Third, it removes a class of infrastructure that often becomes brittle over time. Without this pattern, teams usually end up with fragile log parsers, regex-heavy alerting systems, and inconsistent incident routing behavior. Those systems become increasingly hard to maintain as services and failure modes grow.
Used this way, the language model acts as an operator that converts noisy operational data into a representation the system can reason about.
Why This Is Useful
Representation mapping allows language models to interact with deterministic software systems. Instead of asking the model to solve the entire problem, the system asks the model to perform a translation step.
environment → model → representation → system logic
Once the correct representation exists, deterministic software can take over.
Representation Mapping vs Domain Operators
Representation mapping and domain operators are closely related but describe different layers of the system.
Domain Operators
Describe the conceptual role of the model inside a system. The model is treated as an operator that transforms one domain into another.
⊙ : A → B
Architectural view
Representation Mapping
Describes what the operator is actually doing. Focuses on the transformation between specific representations.
HTML → spec docs → object logs → state
Implementation view
Relationship to Deterministic Boundaries
Representation mapping produces candidate representations. These representations may still contain errors or inconsistencies.

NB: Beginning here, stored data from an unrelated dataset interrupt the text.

Let halved_into_unit_itv (x : R) :
  exists k, 0 <= x / 2 ^+ k < 1 \/ 0 <= x / 2 ^+ k + 1 < 1.
Proof.
pose k := Num.bound `|x|; exists k.
have k_gt0 : (0 : R) < 2 ^+ k by rewrite exprn_gt0.
have xk : `|x| < 2 ^+ k.
  apply: lt_le_trans (archi_boundP (normr_ge0 x)) _.
  by rewrite -natrX ler_nat ltnW // ltn_expl.
have : `|x / 2 ^+ k| < 1.
  by rewrite normrM [`|_^-1|]gtr0_norm ?invr_gt0 // ltr_pdivrMr // mul1r.
by rewrite ltr_norml; have [?|?] := leP 0 (x / 2 ^+ k); [left|right]; lra.
Qed.

Lemma ae_eventually_halvedE (A : set R) :
  {ae leb, forall x : R, eventually_halved A x} <->
  {ae leb, forall x : R, `[0, 1[%classic x ->
     eventually_halved A x /\ eventually_halved A (x - 1)}.
Proof.
pose Q y := `[0, 1[%classic y -> eventually_halved A y /\ eventually_halved A (y - 1).
split=> [EA|EQ].
  have EA1 : {ae leb, forall x : R, eventually_halved A (1 * x + -1)} by exact: ae_affine.
  by apply: (filterS2 _ _ EA EA1) => x ? + _; rewrite mul1r.
have halfpow_gt0 k : 0 < (2 ^+ k)^-1 :> R by rewrite invr_gt0 exprn_gt0.
have : {ae leb, forall x : R, forall k, Q ((2 ^+ k)^-1 * x + 0) /\ Q ((2 ^+ k)^-1 * x + 1)}.
  apply: ae_foralln => k.
  by apply: (filterS2 _ _ (ae_affine 0 (halfpow_gt0 k) EQ)
    (ae_affine 1 (halfpow_gt0 k) EQ)).
apply: filterS => x Ex; have [k x01] := halved_into_unit_itv x.
apply/(eventually_halved_div _ _ k); have [] := Ex k; rewrite /Q addr0 !(mulrC _ x).
case: x01 => x01 Q0 Q1.
- by apply: (Q0 _).1; rewrite /= in_itv.
- by rewrite addrK in Q1; apply: (Q1 _).2; rewrite /= in_itv.
Qed.

Variable M : set R.

Lemma FsetP y : Fset M y <-> forall n, (0 < n)%N -> Per M (y / 2 ^+ n).
Proof.
have exp2_neq0 n : 2 ^+ n != 0 :> R by rewrite expf_neq0.
split=> [Fy n n_gt0|PerF n n_gt0].
  by have [z Pz <-] := Fy n n_gt0; rewrite [2 ^+ n * z]mulrC mulfK.
by exists (y / 2 ^+ n); [exact: PerF | rewrite mulrC divfK].
Qed.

Deterministic boundaries ensure that only valid representations enter the system.
Representation mapping creates structure. Deterministic boundaries verify that structure.
Summary
Representation mapping is the process of transforming information from one representation into another representation that software systems can use.
Language models are particularly well suited for this task because they have learned relationships across many forms of structured and semi-structured data.
Instead of producing final answers, the model acts as a translator between environments and systems.
environment → model → representation → system
Once the representation is correct, deterministic software can take over.